What is needed
Look through the data below and extract, unchanged, the lines from the one that contains "Lemma Zmat_rank_deficientP (x" to the one that contains "exists (mx_of_vec v);", both included.

=== Begin Enclosure ===

(* Let $(x_i,y_i)_{i=1}^9$ be any nine point pairs in $\mathbb P^2_x\times\mathbb P^2_y$ and $Z$ the $9\times 9$ matrix with rows $x_i^\top\otimes y_i^\top$. Then $Z$ is rank deficient if and only if there is a nonzero matrix $T\in\mathbb C^{3\times 3}$ (a possibly singular projective transformation $\mathbb P^2_x\dashrightarrow\mathbb P^2_y$) such that $y_i^\top(Tx_i)=0$ for all $i=1,\dots,9$, equivalently, $y_i$ lies on the line with normal vector $Tx_i$ for all $i$. Moreover, for such a $T$: (1) if $\operatorname{rank}T=1$, there exist a line $\ell\subset\mathbb P^2_x$ and a line $\ell'\subset\mathbb P^2_y$ such that for each $i$, $x_i\in\ell$ or $y_i\in\ell'$ (possibly both); (2) if $\operatorname{rank}T=2$, there are points $e\in\mathbb P^2_x$ and $e'\in\mathbb P^2_y$ (generating the right and left nullspaces of $T$) and a $\mathbb P^1$-homography sending the pencil of lines through $e$ to the pencil of lines through $e'$ such that the line $\ell_{ex_i}$ is sent to the line $\ell_{e'y_i}$ for each $i$; (3) if $\operatorname{rank}T=3$, then $T\in\mathrm{PGL}(3)$ and $y_i$ lies on the line with normal vector $Tx_i$ for each $i$.
   Context: Work over $\mathbb C$. The line with normal vector $n\in\mathbb C^3\setminus\{0\}$ is $\{u\in\mathbb P^2:u^\top n=0\}$. For distinct points $a,b$, $\ell_{ab}$ denotes the line through $a$ and $b$. *)

(* Complex numbers are modelled as R[i] = complex R for a
   real field R : realType (e.g. the classical reals). *)
From HB Require Import structures.
From mathcomp Require Import all_boot all_order all_algebra.
From mathcomp Require Export complex mxtens reals.
Set Implicit Arguments.
Unset Strict Implicit.
Unset Printing Implicit Defensive.
Import Order.TTheory GRing.Theory Num.Theory.
Local Open Scope ring_scope.

(* Points of P^2 and normal vectors of lines are represented by column
   vectors in C^3 (nonzero, up to scaling). *)

Definition dotv (C : pzRingType) (u n : 'cV[C]_3) : C := (u^T *m n) 0 0.

Definition Zmat (C : pzRingType) (x y : 'I_9 -> 'cV[C]_3) : 'M[C]_(9, 3 * 3) :=
  \matrix_(i < 9, j < 3 * 3) ((x i)^T *t (y i)^T) 0 j.

Definition on_line (C : pzRingType) (u n : 'cV[C]_3) : Prop := dotv u n = 0.

Definition distinct_pts (C : fieldType) (a b : 'cV[C]_3) : Prop :=
  \rank (row_mx a b) = 2%N.

Definition normal_of_line_through (C : pzRingType) (n a b : 'cV[C]_3) : Prop :=
  n != 0 /\ on_line a n /\ on_line b n.

(* H (acting on normal vectors) induces a P^1-homography from the pencil of
   lines through e to the pencil of lines through e': it maps the
   2-dimensional space of normals of lines through e injectively (hence
   bijectively) into the space of normals of lines through e'. *)
Definition pencil_homography (C : pzRingType) (e e' : 'cV[C]_3) (H : 'M[C]_3)
  : Prop :=
  (forall n : 'cV[C]_3, on_line e n -> on_line e' (H *m n)) /\
  (forall n : 'cV[C]_3, on_line e n -> H *m n = 0 -> n = 0).

(** The entries of [Z *m v] are the bilinear forms [y_i^T T x_i], where [T]
   is the 3 x 3 matrix obtained by reshaping [v]; hence [Z] is rank
   deficient exactly when some nonzero [T] satisfies all nine incidences.
   A rank-one [T = u v^T] splits each incidence into [(y_i . u) (v . x_i) = 0].
   For a rank-two [T] with kernel [e], the map [n |-> T (n x f)], for any [f]
   with [e . f <> 0], sends normals of lines through [e] injectively to normals
   of lines through the left kernel [e'].  If [n] is normal to the line
   [e x_i], then [T^T y_i] and [n] are both orthogonal to [e] and [x_i], so
   both are parallel to [e x x_i] and the triple product [(T^T y_i, n, f)]
   vanishes, i.e. [y_i] lies on the image line. *)
From HB Require Import structures.
From mathcomp Require Import all_boot all_order all_algebra.
From mathcomp Require Import complex mxtens reals.
From mathcomp Require Import ring.
Import GRing.Theory Num.Theory.
Set Implicit Arguments.
Unset Strict Implicit.
Unset Printing Implicit Defensive.
Local Open Scope ring_scope.
Local Open Scope complex_scope.

Section Cross.
Variable C : comPzRingType.
Implicit Types (a b c u v w : 'cV[C]_3) (T : 'M[C]_3).

Definition i0 : 'I_3 := @Ordinal 3 0 isT.
Definition i1 : 'I_3 := @Ordinal 3 1 isT.
Definition i2 : 'I_3 := @Ordinal 3 2 isT.

Lemma big_ord3 (F : 'I_3 -> C) : \sum_(i < 3) F i = F i0 + F i1 + F i2.
Proof.
rewrite !big_ord_recl big_ord0 addr0 addrA.
by congr (F _ + F _ + F _); apply: val_inj.
Qed.

Lemma col3P u v :
  u i0 0 = v i0 0 -> u i1 0 = v i1 0 -> u i2 0 = v i2 0 -> u = v.
Proof.
move=> e0 e1 e2; apply/matrixP => -[[|[|[|//]]] ?] j; rewrite (ord1 j).
- by rewrite (_ : Ordinal _ = i0) //; apply: val_inj.
- by rewrite (_ : Ordinal _ = i1) //; apply: val_inj.
- by rewrite (_ : Ordinal _ = i2) //; apply: val_inj.
Qed.

Lemma dotv3 u v : dotv u v = u i0 0 * v i0 0 + u i1 0 * v i1 0 + u i2 0 * v i2 0.
Proof. by rewrite /dotv mxE big_ord3 !mxE. Qed.

Lemma mulmx3 T v i :
  (T *m v) i 0 = T i i0 * v i0 0 + T i i1 * v i1 0 + T i i2 * v i2 0.
Proof. by rewrite mxE big_ord3. Qed.

Lemma dotvC u v : dotv u v = dotv v u.
Proof. by rewrite !dotv3; ring. Qed.

Lemma dotv_mulmxr u v T : dotv u (T *m v) = dotv (T^T *m u) v.
Proof. by rewrite /dotv trmx_mul trmxK mulmxA. Qed.

Lemma dotv_outer u v a b : dotv u (a *m b^T *m v) = dotv u a * dotv b v.
Proof.
by rewrite /dotv !mulmxA -[_ *m b^T *m v]mulmxA {1}[u^T *m a]mx11_scalar mul_scalar_mx mxE.
Qed.

Definition cross a b : 'cV[C]_3 :=
  \col_i (if val i == 0%N then a i1 0 * b i2 0 - a i2 0 * b i1 0
          else if val i == 1%N then a i2 0 * b i0 0 - a i0 0 * b i2 0
          else a i0 0 * b i1 0 - a i1 0 * b i0 0).

Lemma cross0 a b : cross a b i0 0 = a i1 0 * b i2 0 - a i2 0 * b i1 0.
Proof. by rewrite mxE. Qed.
Lemma cross1 a b : cross a b i1 0 = a i2 0 * b i0 0 - a i0 0 * b i2 0.
Proof. by rewrite mxE. Qed.
Lemma cross2 a b : cross a b i2 0 = a i0 0 * b i1 0 - a i1 0 * b i0 0.
Proof. by rewrite mxE. Qed.

Definition crossE := (cross0, cross1, cross2).

Lemma cross_cross a b c : cross a (cross b c) = dotv a c *: b - dotv a b *: c.
Proof. by apply: col3P; rewrite !crossE !mxE ?crossE !dotv3; ring. Qed.

Lemma crossvv a : cross a a = 0.
Proof. by apply: col3P; rewrite !(crossE, mxE); ring. Qed.

Lemma crossvZ a b k : cross a (k *: b) = k *: cross a b.
Proof. by apply: col3P; rewrite !(crossE, mxE); ring. Qed.

Lemma crossv0 a : cross a 0 = 0.
Proof. by apply: col3P; rewrite !(crossE, mxE); ring. Qed.

Definition cross_mx c : 'M[C]_3 := \matrix_(i, j) cross (delta_mx j 0) c i 0.

Lemma mul_cross_mx c v : cross_mx c *m v = cross v c.
Proof. by apply: col3P; rewrite !mulmx3 !mxE /=; ring. Qed.

(* Binet-Cauchy: a product of two triple products is a 3 x 3 Gram determinant. *)
Lemma dotv_cross_mul a b c u v w :
  dotv a (cross b c) * dotv w (cross u v) =
    dotv a u * (dotv b v * dotv c w - dotv b w * dotv c v)
  - dotv a v * (dotv b u * dotv c w - dotv b w * dotv c u)
  + dotv a w * (dotv b u * dotv c v - dotv b v * dotv c u).
Proof. by rewrite !dotv3 !crossE; ring. Qed.

End Cross.

Section CrossIndependence.
Variable F : fieldType.
Implicit Types (a b u v w : 'cV[F]_3).

Lemma exists_dotv_neq0 v : v != 0 -> exists u, dotv u v != 0.
Proof.
move=> v0; have [j /eqP vj0] : exists j, v j 0 != 0.
  apply/existsP; apply: contraNT v0 => /existsPn v0.
  by apply/eqP/matrixP => i k; rewrite (ord1 k) mxE; apply/eqP/negPn/v0.
exists (delta_mx j 0); rewrite /dotv mxE (bigD1 j) //= big1 ?addr0.
  by rewrite !mxE !eqxx mul1r; apply/eqP.
by move=> i /negbTE ij; rewrite !mxE ij mul0r.
Qed.

Lemma cross_neq0 a b : a != 0 -> distinct_pts a b -> cross a b != 0.
Proof.
move=> a0 ab; apply/eqP => ab0.
have [u ua] := exists_dotv_neq0 a0.
have /eqP := cross_cross u a b; rewrite ab0 crossv0 eq_sym subr_eq0 => /eqP ba.
set k := dotv u b / dotv u a.
have {}ba : b = k *: a by rewrite /k mulrC -scalerA ba scalerA mulVf // scale1r.
move: ab; rewrite /distinct_pts ba -mul_mx_scalar -[a in row_mx a _]mulmx1.
rewrite -mul_mx_row => ab.
by have := leq_trans (mxrankM_maxl a (row_mx 1%:M k%:M)) (rank_leq_col a); rewrite ab.
Qed.

(* [u] and [w] are both parallel to [a x b]: in the Gram determinant pairing
   [(u, w, c)] with [(a, b, v)], the [u]- and [w]-rows vanish off the [v]-column. *)
Lemma dotv_cross_perp a b u w c :
  a != 0 -> distinct_pts a b ->
  dotv u a = 0 -> dotv u b = 0 -> dotv w a = 0 -> dotv w b = 0 ->
  dotv u (cross w c) = 0.
Proof.
move=> a0 ab ua ub wa wb.
have [v vab] := exists_dotv_neq0 (cross_neq0 a0 ab).
have := dotv_cross_mul u w c a b v.
rewrite ua ub wa wb !mul0r !subrr mulr0 addr0 => /eqP.
by rewrite mulf_eq0 (negbTE vab) orbF => /eqP.
Qed.

End CrossIndependence.

Section Kernel.
Variable F : fieldType.

Lemma rank_deficientP m n (A : 'M[F]_(m, n)) :
  reflect (exists2 v : 'cV_n, v != 0 & A *m v = 0) (\rank A < n)%N.
Proof.
rewrite -mxrank_tr ltn_neqAle rank_leq_row andbT.
rewrite -[_ != n]/(~~ row_free A^T) -kermx_eq0.
apply: (iffP rowV0Pn) => [[r /sub_kermxP rA r0]|[v v0 Av]].
  by exists r^T; rewrite ?trmx_eq0 // -[A]trmxK -trmx_mul rA trmx0.
by exists v^T; rewrite ?trmx_eq0 //; apply/sub_kermxP; rewrite -trmx_mul Av trmx0.
Qed.

Lemma kernel_rank1 m n (A : 'M[F]_(m, n)) (e : 'cV_n) :
  (\rank A).+1 = n -> e != 0 -> A *m e = 0 ->
  forall z, A *m z = 0 -> exists k, z = k *: e.
Proof.
move=> rA e0 Ae z Az.
have inK (v : 'cV_n) : A *m v = 0 -> (v^T <= kermx A^T)%MS.
  by move=> Av; apply/sub_kermxP; rewrite -trmx_mul Av trmx0.
have rK : \rank (kermx A^T) = \rank e^T.
  have -> : (\rank (kermx A^T) = 1)%N.
    by rewrite mxrank_ker mxrank_tr; move: (\rank A) rA => r <-; rewrite subSnn.
  by apply/eqP; rewrite eqn_leq rank_leq_row andbT lt0n mxrank_eq0 trmx_eq0.
have Ke : (kermx A^T <= e^T)%MS by rewrite -(mxrank_leqif_sup (inK e Ae)).2 rK.
have /submxP[D zD] := submx_trans (inK z Az) Ke.
exists (D 0 0); apply: trmx_inj; rewrite zD [D]mx11_scalar mul_scalar_mx.
by apply/matrixP => i j; rewrite !mxE.
Qed.

Lemma rank1_outer m n (A : 'M[F]_(m, n)) : \rank A = 1%N ->
  exists (a : 'cV_m) (b : 'cV_n), [/\ a != 0, b != 0 & A = a *m b^T].
Proof.
move=> rA; have /rowV0Pn[r rA' r0] : A != 0 by rewrite -mxrank_eq0 rA.
have rr : \rank r = \rank A.
  by apply/eqP; rewrite rA eqn_leq rank_leq_row lt0n mxrank_eq0.
have /submxP[D AD] : (A <= r)%MS by rewrite -(mxrank_leqif_sup rA').2 rr.
exists D, r^T; rewrite trmxK trmx_eq0; split=> //.
by apply/eqP => D0; move: rA; rewrite AD D0 mul0mx mxrank0.
Qed.

End Kernel.

Section Reshape.
Variable C : comPzRingType.

(* [v] is read as the coefficients of [x^T (x) y^T], so [T] is indexed as
   [T b a = v (a, b)] to make [y^T T x] the corresponding bilinear form. *)
Definition mx_of_vec (v : 'cV[C]_(3 * 3)) : 'M[C]_3 :=
  \matrix_(b, a) v (mxtens_index (a, b)) 0.

Definition vec_of_mx (T : 'M[C]_3) : 'cV[C]_(3 * 3) :=
  \col_j T (mxtens_unindex j).2 (mxtens_unindex j).1.

Lemma vec_of_mxK : cancel vec_of_mx mx_of_vec.
Proof. by move=> T; apply/matrixP => i j; rewrite !mxE mxtens_indexK. Qed.

Lemma mx_of_vecK : cancel mx_of_vec vec_of_mx.
Proof.
move=> v; apply/matrixP => i j; rewrite (ord1 j) !mxE.
by rewrite -surjective_pairing mxtens_unindexK.
Qed.

Lemma mx_of_vec_eq0 v : (mx_of_vec v == 0) = (v == 0).
Proof.
apply/eqP/eqP => [v0|->]; last by apply/matrixP => i j; rewrite !mxE.
by rewrite -[v]mx_of_vecK v0; apply/matrixP => i j; rewrite !mxE.
Qed.

Lemma Zmat_mulmx (x y : 'I_9 -> 'cV[C]_3) v k :
  (Zmat x y *m v) k 0 = dotv (y k) (mx_of_vec v *m x k).
Proof.
rewrite /dotv !mxE (reindex (@mxtens_index 3 3)) /=; last first.
  by exists (@mxtens_unindex 3 3) => ? _; [apply: mxtens_indexK | apply: mxtens_unindexK].
under eq_bigr do rewrite !mxE mxtens_indexK.
under [RHS]eq_bigr do rewrite !mxE big_distrr.
rewrite exchange_big pair_big /=; apply: eq_bigr => -[a b] _ /=.
have col0 (u : 'cV[C]_3) c (i : 'I_1) : u c i = u c 0 by rewrite (ord1 i).
by rewrite !mxE [x k a _]col0 [y k b _]col0; ring.
Qed.

End Reshape.

Section Incidence.
Variable F : fieldType.
Implicit Types (e f x y n : 'cV[F]_3) (T : 'M[F]_3).

Lemma Zmat_rank_deficientP (x y : 'I_9 -> 'cV[F]_3) :
  (\rank (Zmat x y) < 9)%N <->
    exists T, T != 0 /\ forall k, dotv (y k) (T *m x k) = 0.
Proof.
split=> [/rank_deficientP[v v0 Zv]|[T [T0 hT]]].
  exists (mx_of_vec v); rewrite mx_of_vec_eq0; split=> // k.
  by rewrite -Zmat_mulmx Zv mxE.
apply/rank_deficientP; exists (vec_of_mx T); first by rewrite -mx_of_vec_eq0 vec_of_mxK.
by apply/matrixP => k j; rewrite (ord1 j) Zmat_mulmx vec_of_mxK hT mxE.
Qed.

Lemma rank1_incidence_lines T : \rank T = 1%N ->
  exists l l', l != 0 /\ l' != 0 /\
    forall x y, dotv y (T *m x) = 0 -> on_line x l \/ on_line y l'.
Proof.
move/rank1_outer => [a [b [a0 b0 ->]]]; exists b, a; do 2!split=> //.
move=> x y /eqP; rewrite dotv_outer mulf_eq0 => /orP[] /eqP; first by right.
by rewrite dotvC; left.
Qed.

Lemma dotv0 x : dotv x 0 = 0.
Proof. by rewrite /dotv mulmx0 mxE. Qed.

Lemma cross_mx_pencil_homography T e (e' : 'cV[F]_3) f :
  (forall z, T *m z = 0 -> exists k, z = k *: e) -> e'^T *m T = 0 ->
  dotv e f != 0 -> pencil_homography e e' (T *m cross_mx f).
Proof.
move=> kerT e'T ef; split=> n; rewrite -mulmxA mul_cross_mx.
  by move=> _; rewrite /on_line /dotv mulmxA e'T mul0mx mxE.
move=> ne /kerT[k nf]; have /esym/eqP := cross_cross e n f.
rewrite nf crossvZ crossvv scaler0 ne scale0r subr0 scaler_eq0.
by rewrite (negbTE ef) => /eqP.
Qed.

Lemma cross_mx_incidence T e f x y n :
  e != 0 -> T *m e = 0 -> distinct_pts e x -> dotv y (T *m x) = 0 ->
  on_line e n -> on_line x n -> on_line y (T *m cross_mx f *m n).
Proof.
move=> e0 Te ex Txy ne nx; rewrite /on_line -mulmxA mul_cross_mx dotv_mulmxr.
apply: (dotv_cross_perp f e0 ex); rewrite -?dotv_mulmxr ?Te ?dotv0 //.
  by rewrite dotvC.
by rewrite dotvC.
Qed.

Lemma rank2_pencil_homography T : \rank T = 2%N ->
  exists e e' H, [/\ e != 0 /\ e' != 0, T *m e = 0, e'^T *m T = 0,
    pencil_homography e e' H &
    forall x y, dotv y (T *m x) = 0 -> distinct_pts e x ->
      forall n, normal_of_line_through n e x -> normal_of_line_through (H *m n) e' y].
Proof.
move=> rT.
have [e e0 Te] : exists2 e : 'cV[F]_3, e != 0 & T *m e = 0 by apply/rank_deficientP; rewrite rT.
have [e' e'0 Te'] : exists2 e' : 'cV[F]_3, e' != 0 & T^T *m e' = 0.
  by apply/rank_deficientP; rewrite mxrank_tr rT.
have e'T : e'^T *m T = 0 by rewrite -[T]trmxK -trmx_mul Te' trmx0.
have [f] := exists_dotv_neq0 e0; rewrite dotvC => ef.
have rT1 : (\rank T).+1 = 3%N by rewrite rT.
have hH := cross_mx_pencil_homography (kernel_rank1 rT1 e0 Te) e'T ef.
exists e, e', (T *m cross_mx f); split=> // x y Txy ex n [n0 [ne nx]].
split; last by split; [apply: hH.1 ne | apply: cross_mx_incidence e0 Te ex Txy ne nx].
by apply: contra n0 => /eqP /(hH.2 _ ne) ->.
Qed.

End Incidence.

Theorem mainTheorem4 (R : realType) (x y : 'I_9 -> 'cV[R[i]]_3)
  (hx : forall k, x k != 0) (hy : forall k, y k != 0) :
  ((\rank (Zmat x y) < 9)%N <->
     exists T : 'M[R[i]]_3, T != 0 /\ forall k, dotv (y k) (T *m x k) = 0)
  /\
  (forall T : 'M[R[i]]_3, T != 0 ->
     (forall k, dotv (y k) (T *m x k) = 0) ->
     (* (1) *)
     (\rank T = 1%N ->
        exists l l' : 'cV[R[i]]_3, l != 0 /\ l' != 0 /\
          forall k, on_line (x k) l \/ on_line (y k) l')
     /\
     (* (2) *)
     (\rank T = 2%N ->
        exists (e e' : 'cV[R[i]]_3) (H : 'M[R[i]]_3),
          [/\ e != 0 /\ e' != 0, T *m e = 0, e'^T *m T = 0,
              pencil_homography e e' H &
              forall k, distinct_pts e (x k) -> distinct_pts e' (y k) ->
                forall n, normal_of_line_through n e (x k) ->
                  normal_of_line_through (H *m n) e' (y k)])
     /\
     (* (3) *)
     (\rank T = 3%N ->
        T \in unitmx /\ forall k, on_line (y k) (T *m x k))).
Proof.
split; first exact: Zmat_rank_deficientP.
move=> T _ hT; split; [|split].
- move/rank1_incidence_lines => [l [l' [l0 [l'0 hl]]]].
  by exists l, l'; do 2!split=> //; move=> k; apply: hl.
- move/rank2_pencil_homography => [e [e' [H [ee' Te e'T hH hinc]]]].
  by exists e, e', H; split=> // k ex _; apply: hinc.
- by move=> rT; rewrite -row_free_unit /row_free rT.
Qed.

=== End Enclosure ===

Solution for this exercise
Lemma Zmat_rank_deficientP (x y : 'I_9 -> 'cV[F]_3) :
  (\rank (Zmat x y) < 9)%N <->
    exists T, T != 0 /\ forall k, dotv (y k) (T *m x k) = 0.
Proof.
split=> [/rank_deficientP[v v0 Zv]|[T [T0 hT]]].
  exists (mx_of_vec v); rewrite mx_of_vec_eq0; split=> // k.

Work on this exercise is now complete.